──────── DATA SUPPLIED

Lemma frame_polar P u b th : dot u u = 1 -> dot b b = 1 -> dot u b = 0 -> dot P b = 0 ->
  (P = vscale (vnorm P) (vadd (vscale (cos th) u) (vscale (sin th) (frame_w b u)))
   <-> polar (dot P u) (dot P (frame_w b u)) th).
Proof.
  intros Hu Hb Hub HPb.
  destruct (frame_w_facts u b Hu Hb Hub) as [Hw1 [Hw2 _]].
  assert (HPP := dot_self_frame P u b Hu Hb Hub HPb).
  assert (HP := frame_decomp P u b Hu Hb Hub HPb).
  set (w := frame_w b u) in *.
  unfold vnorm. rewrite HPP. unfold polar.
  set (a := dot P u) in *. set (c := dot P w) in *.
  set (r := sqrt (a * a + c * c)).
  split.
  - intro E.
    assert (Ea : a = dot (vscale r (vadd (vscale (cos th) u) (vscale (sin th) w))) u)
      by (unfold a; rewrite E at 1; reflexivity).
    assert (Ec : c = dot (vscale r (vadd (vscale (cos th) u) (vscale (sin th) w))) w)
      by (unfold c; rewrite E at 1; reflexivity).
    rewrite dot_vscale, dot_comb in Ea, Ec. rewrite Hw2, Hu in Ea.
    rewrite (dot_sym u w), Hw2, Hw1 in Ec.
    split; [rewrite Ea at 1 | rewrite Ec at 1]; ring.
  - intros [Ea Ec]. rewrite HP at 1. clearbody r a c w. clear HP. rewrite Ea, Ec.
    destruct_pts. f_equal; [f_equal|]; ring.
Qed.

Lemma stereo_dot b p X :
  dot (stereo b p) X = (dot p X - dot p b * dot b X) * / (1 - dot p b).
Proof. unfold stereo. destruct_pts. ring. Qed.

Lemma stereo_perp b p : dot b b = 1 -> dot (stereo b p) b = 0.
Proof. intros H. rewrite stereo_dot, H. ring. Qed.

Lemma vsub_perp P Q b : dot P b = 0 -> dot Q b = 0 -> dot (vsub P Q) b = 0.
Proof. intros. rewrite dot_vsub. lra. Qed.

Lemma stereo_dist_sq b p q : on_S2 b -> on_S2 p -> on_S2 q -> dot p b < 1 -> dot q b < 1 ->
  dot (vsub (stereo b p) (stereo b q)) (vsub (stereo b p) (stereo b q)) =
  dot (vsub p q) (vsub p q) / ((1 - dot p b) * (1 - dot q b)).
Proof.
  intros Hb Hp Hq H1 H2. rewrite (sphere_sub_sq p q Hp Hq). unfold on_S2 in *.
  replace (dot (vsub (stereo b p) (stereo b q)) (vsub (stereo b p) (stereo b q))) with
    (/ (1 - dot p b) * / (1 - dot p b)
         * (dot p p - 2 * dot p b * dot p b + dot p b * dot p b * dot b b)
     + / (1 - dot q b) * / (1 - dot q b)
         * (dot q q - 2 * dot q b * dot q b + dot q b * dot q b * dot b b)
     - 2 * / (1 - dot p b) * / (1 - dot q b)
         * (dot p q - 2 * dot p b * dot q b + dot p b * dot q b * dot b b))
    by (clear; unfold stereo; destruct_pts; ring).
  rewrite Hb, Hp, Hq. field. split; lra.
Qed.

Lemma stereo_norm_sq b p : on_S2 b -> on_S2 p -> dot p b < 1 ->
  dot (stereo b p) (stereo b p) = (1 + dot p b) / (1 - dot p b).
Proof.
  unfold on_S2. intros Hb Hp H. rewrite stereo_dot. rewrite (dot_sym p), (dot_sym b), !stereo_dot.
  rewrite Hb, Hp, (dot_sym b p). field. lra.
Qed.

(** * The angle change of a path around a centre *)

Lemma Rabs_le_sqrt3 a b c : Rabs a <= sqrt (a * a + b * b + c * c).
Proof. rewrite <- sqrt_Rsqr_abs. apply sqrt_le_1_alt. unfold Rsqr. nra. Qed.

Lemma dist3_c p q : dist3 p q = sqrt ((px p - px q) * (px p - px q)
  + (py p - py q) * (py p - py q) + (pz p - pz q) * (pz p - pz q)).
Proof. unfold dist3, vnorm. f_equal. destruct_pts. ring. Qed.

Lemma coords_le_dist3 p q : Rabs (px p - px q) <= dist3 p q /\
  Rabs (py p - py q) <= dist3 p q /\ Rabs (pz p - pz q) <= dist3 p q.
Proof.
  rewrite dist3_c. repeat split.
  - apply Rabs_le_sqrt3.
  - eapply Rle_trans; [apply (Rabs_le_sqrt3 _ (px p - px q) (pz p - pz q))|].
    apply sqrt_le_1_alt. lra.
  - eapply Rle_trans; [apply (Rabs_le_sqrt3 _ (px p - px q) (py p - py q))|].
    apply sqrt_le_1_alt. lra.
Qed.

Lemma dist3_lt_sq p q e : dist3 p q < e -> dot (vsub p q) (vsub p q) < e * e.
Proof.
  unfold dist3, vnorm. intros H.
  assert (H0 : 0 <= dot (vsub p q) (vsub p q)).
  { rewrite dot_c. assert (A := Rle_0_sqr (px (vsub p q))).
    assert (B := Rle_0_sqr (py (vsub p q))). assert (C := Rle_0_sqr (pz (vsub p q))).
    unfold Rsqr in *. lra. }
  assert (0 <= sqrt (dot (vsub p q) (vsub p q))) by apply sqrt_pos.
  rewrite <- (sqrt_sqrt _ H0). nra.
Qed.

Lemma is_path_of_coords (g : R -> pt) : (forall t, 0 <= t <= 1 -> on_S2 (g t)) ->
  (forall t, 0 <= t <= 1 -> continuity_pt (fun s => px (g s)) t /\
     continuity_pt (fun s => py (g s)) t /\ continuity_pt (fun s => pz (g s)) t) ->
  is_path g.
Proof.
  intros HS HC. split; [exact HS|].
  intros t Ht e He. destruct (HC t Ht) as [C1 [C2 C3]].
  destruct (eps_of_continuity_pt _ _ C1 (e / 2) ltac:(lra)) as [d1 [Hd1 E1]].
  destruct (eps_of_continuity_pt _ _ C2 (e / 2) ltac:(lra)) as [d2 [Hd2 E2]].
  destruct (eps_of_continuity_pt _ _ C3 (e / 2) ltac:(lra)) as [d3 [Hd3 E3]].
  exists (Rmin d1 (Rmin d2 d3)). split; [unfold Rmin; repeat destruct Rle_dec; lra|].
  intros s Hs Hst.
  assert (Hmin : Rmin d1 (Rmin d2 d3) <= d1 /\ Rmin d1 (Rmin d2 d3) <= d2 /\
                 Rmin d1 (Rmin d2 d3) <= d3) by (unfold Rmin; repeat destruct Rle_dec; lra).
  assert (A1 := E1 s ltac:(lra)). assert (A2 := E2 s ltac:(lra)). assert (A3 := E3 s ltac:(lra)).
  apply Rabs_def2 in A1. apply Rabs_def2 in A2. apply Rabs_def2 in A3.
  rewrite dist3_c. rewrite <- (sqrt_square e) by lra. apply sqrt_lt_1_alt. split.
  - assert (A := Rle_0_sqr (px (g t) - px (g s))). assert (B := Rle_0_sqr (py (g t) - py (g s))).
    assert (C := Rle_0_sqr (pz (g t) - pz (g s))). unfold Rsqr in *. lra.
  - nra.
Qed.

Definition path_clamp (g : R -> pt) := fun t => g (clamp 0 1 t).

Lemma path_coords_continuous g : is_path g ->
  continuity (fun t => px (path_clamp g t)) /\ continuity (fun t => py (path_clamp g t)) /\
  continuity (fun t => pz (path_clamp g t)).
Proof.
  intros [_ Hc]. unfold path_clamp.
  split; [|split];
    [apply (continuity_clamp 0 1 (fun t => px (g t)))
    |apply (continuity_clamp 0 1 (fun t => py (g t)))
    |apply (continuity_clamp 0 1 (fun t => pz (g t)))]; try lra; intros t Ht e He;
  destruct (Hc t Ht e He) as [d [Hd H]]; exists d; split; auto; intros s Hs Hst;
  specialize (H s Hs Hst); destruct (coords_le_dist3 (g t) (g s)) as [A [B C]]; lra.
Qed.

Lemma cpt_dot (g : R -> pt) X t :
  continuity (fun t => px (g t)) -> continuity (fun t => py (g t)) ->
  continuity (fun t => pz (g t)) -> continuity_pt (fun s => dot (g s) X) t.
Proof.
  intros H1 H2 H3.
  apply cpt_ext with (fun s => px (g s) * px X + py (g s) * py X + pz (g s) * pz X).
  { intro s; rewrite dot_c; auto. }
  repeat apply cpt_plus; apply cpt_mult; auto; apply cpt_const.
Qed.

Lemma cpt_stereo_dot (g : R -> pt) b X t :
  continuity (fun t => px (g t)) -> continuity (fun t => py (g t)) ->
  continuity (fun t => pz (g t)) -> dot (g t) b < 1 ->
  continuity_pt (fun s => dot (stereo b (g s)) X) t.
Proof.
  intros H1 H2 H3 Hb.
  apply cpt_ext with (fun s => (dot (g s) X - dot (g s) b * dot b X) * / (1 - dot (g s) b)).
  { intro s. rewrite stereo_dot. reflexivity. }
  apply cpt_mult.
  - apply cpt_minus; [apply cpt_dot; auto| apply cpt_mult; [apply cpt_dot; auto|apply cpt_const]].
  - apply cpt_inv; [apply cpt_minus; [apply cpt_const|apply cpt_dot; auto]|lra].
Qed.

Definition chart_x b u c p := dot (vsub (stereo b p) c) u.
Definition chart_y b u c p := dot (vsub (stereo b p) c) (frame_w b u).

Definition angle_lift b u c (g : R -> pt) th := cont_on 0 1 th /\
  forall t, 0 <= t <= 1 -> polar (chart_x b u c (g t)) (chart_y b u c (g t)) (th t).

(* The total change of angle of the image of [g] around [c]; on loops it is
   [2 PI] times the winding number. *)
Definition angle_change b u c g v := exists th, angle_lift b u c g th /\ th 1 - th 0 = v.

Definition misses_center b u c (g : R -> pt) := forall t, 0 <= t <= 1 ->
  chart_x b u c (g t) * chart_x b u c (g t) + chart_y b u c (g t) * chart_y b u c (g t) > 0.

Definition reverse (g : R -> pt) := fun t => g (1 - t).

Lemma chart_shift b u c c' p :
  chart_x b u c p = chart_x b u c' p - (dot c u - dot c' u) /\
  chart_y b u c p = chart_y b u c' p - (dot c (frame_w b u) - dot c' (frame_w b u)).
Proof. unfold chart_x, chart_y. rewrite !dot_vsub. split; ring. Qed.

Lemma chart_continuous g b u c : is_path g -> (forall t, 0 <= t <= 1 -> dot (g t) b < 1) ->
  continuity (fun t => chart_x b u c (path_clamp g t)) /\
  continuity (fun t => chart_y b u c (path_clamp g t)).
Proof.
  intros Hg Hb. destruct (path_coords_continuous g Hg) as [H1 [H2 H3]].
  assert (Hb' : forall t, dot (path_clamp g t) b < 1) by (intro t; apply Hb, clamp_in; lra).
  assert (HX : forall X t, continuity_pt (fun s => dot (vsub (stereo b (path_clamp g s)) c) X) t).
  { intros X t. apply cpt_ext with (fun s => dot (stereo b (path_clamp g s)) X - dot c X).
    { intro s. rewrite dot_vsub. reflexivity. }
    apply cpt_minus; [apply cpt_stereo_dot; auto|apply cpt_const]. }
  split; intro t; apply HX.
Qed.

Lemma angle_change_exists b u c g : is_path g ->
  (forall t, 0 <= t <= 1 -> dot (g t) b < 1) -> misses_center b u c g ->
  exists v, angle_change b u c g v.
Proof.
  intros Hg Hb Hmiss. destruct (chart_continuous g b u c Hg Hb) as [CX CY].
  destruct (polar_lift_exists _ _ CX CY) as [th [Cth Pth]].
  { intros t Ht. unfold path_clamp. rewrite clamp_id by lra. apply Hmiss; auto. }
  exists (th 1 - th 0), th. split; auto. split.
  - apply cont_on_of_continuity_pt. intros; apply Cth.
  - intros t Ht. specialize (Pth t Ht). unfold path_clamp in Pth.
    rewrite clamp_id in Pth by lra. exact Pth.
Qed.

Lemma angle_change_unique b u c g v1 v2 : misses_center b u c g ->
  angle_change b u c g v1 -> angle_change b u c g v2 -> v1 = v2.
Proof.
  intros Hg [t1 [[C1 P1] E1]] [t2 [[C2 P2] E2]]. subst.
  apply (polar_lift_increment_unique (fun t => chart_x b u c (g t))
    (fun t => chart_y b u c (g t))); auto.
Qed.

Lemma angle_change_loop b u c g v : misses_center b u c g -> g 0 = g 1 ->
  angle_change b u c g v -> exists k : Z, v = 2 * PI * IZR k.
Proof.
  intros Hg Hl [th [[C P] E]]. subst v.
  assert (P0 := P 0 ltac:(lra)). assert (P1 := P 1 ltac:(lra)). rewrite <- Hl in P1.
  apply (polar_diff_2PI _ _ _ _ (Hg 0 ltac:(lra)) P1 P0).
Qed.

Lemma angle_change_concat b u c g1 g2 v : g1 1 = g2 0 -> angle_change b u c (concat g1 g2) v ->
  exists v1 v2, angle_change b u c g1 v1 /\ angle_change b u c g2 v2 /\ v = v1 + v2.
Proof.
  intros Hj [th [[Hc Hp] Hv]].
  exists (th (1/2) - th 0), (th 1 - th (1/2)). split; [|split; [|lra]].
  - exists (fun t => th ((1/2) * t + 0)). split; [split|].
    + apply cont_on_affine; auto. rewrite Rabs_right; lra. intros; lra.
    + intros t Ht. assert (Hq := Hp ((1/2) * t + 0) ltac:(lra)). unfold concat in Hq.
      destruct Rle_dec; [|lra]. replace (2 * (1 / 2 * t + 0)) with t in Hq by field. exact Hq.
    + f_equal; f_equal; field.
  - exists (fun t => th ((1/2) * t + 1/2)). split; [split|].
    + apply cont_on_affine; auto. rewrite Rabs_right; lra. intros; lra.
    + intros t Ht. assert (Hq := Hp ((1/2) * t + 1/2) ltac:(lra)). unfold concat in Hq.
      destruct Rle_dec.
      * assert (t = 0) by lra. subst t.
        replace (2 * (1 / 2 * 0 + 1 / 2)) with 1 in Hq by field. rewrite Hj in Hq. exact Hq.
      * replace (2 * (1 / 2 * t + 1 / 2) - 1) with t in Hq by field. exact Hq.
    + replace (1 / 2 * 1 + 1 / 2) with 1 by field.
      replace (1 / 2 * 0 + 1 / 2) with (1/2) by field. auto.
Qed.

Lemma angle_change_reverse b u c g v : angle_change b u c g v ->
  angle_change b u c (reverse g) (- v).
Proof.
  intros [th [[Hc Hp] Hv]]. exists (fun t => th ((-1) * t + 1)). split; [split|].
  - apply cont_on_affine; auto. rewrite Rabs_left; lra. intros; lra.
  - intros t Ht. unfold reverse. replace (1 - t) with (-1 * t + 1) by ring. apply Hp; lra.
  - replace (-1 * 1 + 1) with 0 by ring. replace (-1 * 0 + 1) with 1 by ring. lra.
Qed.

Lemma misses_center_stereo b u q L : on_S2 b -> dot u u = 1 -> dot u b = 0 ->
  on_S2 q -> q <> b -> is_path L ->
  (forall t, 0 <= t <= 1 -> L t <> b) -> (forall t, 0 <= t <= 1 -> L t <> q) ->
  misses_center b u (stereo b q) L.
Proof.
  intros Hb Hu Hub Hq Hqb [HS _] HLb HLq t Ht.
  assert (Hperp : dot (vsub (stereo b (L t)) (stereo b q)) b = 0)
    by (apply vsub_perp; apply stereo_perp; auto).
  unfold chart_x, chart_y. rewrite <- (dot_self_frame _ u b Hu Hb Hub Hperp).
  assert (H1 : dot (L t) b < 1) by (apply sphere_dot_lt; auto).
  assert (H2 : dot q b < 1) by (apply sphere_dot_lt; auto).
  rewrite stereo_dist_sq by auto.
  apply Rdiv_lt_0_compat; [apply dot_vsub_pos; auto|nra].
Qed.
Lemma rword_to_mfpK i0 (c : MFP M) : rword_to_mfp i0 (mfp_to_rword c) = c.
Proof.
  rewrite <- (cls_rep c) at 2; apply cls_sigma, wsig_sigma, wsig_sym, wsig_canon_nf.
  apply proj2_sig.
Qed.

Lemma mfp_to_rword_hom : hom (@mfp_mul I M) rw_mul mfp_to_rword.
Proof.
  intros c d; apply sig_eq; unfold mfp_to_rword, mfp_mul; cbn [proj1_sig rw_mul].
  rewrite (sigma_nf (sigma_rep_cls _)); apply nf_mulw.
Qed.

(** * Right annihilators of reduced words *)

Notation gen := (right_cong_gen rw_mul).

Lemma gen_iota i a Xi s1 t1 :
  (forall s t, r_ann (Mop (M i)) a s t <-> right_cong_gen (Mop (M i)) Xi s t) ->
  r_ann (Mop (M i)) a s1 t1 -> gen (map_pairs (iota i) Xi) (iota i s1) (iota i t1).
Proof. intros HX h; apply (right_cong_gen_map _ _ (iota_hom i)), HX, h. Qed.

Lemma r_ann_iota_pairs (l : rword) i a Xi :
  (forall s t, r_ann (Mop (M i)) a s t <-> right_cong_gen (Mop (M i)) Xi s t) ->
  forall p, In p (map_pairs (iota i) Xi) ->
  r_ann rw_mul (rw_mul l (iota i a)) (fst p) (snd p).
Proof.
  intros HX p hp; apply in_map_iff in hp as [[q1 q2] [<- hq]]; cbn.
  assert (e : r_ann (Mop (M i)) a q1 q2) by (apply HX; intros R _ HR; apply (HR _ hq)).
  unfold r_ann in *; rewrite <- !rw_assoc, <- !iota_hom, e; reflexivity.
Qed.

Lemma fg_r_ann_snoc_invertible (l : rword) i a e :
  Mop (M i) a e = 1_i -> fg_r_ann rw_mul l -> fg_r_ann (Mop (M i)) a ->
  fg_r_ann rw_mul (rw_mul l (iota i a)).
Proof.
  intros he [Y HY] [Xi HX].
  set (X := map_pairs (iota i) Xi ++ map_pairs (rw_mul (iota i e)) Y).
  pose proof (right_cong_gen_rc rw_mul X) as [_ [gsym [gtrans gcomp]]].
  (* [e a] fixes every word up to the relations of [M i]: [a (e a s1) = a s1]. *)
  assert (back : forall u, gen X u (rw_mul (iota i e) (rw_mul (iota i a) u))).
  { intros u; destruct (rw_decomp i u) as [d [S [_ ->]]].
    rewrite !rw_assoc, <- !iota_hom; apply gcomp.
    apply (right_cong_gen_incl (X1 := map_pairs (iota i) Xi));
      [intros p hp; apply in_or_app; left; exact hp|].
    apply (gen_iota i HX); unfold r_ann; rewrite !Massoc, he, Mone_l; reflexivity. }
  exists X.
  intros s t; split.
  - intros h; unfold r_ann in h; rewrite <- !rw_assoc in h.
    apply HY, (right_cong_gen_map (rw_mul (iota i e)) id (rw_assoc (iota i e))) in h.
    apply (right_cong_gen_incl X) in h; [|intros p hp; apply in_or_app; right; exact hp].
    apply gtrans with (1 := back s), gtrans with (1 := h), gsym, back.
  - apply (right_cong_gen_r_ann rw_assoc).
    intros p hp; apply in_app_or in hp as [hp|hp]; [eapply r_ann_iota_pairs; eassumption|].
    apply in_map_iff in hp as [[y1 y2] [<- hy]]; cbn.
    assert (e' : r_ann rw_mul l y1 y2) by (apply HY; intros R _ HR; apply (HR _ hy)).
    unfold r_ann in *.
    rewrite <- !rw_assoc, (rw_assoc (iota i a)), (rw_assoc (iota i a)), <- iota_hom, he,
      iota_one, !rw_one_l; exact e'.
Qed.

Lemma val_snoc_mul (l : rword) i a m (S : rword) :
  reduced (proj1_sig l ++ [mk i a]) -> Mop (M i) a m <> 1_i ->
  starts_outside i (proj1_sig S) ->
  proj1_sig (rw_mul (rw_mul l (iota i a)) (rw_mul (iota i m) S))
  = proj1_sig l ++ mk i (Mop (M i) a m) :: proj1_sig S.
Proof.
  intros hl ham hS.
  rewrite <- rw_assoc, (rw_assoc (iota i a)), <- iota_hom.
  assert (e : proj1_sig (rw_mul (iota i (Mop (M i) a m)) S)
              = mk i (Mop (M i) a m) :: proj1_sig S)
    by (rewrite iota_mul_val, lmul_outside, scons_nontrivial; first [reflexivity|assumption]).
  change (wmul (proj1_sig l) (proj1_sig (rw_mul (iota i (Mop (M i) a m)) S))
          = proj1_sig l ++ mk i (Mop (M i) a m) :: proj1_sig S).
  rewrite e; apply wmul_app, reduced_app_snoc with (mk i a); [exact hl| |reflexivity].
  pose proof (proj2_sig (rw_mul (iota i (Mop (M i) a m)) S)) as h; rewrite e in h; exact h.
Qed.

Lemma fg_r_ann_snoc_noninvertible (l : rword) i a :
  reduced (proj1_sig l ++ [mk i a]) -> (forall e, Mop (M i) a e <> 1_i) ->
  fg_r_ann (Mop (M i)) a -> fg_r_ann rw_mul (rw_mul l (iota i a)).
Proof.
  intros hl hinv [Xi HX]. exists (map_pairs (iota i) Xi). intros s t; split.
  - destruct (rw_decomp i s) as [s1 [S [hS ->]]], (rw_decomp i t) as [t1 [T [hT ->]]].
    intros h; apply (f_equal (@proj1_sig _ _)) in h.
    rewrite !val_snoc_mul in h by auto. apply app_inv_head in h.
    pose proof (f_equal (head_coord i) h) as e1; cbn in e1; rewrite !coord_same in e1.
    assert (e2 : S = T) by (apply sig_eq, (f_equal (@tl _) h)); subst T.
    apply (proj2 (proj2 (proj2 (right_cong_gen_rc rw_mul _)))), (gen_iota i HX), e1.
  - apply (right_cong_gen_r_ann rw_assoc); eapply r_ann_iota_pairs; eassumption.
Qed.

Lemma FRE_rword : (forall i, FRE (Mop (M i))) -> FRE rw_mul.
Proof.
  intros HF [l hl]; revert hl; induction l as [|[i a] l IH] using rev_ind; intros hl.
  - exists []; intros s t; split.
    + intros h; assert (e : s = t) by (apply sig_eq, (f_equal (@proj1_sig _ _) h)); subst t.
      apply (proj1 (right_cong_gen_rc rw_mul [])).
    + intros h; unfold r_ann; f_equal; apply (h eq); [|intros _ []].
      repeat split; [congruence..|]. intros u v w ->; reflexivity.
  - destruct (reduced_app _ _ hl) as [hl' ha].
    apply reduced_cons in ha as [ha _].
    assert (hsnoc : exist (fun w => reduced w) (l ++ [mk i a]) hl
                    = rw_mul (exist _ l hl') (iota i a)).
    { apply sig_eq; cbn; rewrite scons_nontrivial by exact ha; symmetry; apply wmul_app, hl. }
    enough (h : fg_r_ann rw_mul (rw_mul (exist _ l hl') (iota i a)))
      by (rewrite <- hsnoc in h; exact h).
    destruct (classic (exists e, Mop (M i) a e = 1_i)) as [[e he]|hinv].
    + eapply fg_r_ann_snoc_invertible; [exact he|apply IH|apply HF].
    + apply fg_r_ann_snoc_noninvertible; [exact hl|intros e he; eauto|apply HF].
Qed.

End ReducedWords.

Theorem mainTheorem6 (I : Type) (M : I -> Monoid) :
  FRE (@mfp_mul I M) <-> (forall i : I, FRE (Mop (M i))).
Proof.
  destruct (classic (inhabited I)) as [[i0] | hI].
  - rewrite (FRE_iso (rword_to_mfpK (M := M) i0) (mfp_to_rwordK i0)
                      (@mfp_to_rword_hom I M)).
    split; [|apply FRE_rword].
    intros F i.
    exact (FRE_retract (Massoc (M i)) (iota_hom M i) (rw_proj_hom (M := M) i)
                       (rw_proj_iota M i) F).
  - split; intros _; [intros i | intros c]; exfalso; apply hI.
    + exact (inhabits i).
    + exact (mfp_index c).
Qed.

────────────────

HOW TO COMPLETE THIS TASK: Beginning with the line above that contains "apply in_map_iff in hp as [[y1", copy each line exactly up to and including the line that contains "m) :: proj1_sig S).", and go no further.

WRITTEN SOLUTION:
    apply in_map_iff in hp as [[y1 y2] [<- hy]]; cbn.
    assert (e' : r_ann rw_mul l y1 y2) by (apply HY; intros R _ HR; apply (HR _ hy)).
    unfold r_ann in *.
    rewrite <- !rw_assoc, (rw_assoc (iota i a)), (rw_assoc (iota i a)), <- iota_hom, he,
      iota_one, !rw_one_l; exact e'.
Qed.

Lemma val_snoc_mul (l : rword) i a m (S : rword) :
  reduced (proj1_sig l ++ [mk i a]) -> Mop (M i) a m <> 1_i ->
  starts_outside i (proj1_sig S) ->
  proj1_sig (rw_mul (rw_mul l (iota i a)) (rw_mul (iota i m) S))
  = proj1_sig l ++ mk i (Mop (M i) a m) :: proj1_sig S.
Proof.
  intros hl ham hS.
  rewrite <- rw_assoc, (rw_assoc (iota i a)), <- iota_hom.
  assert (e : proj1_sig (rw_mul (iota i (Mop (M i) a m)) S)
              = mk i (Mop (M i) a m) :: proj1_sig S)
    by (rewrite iota_mul_val, lmul_outside, scons_nontrivial; first [reflexivity|assumption]).
  change (wmul (proj1_sig l) (proj1_sig (rw_mul (iota i (Mop (M i) a m)) S))
          = proj1_sig l ++ mk i (Mop (M i) a m) :: proj1_sig S).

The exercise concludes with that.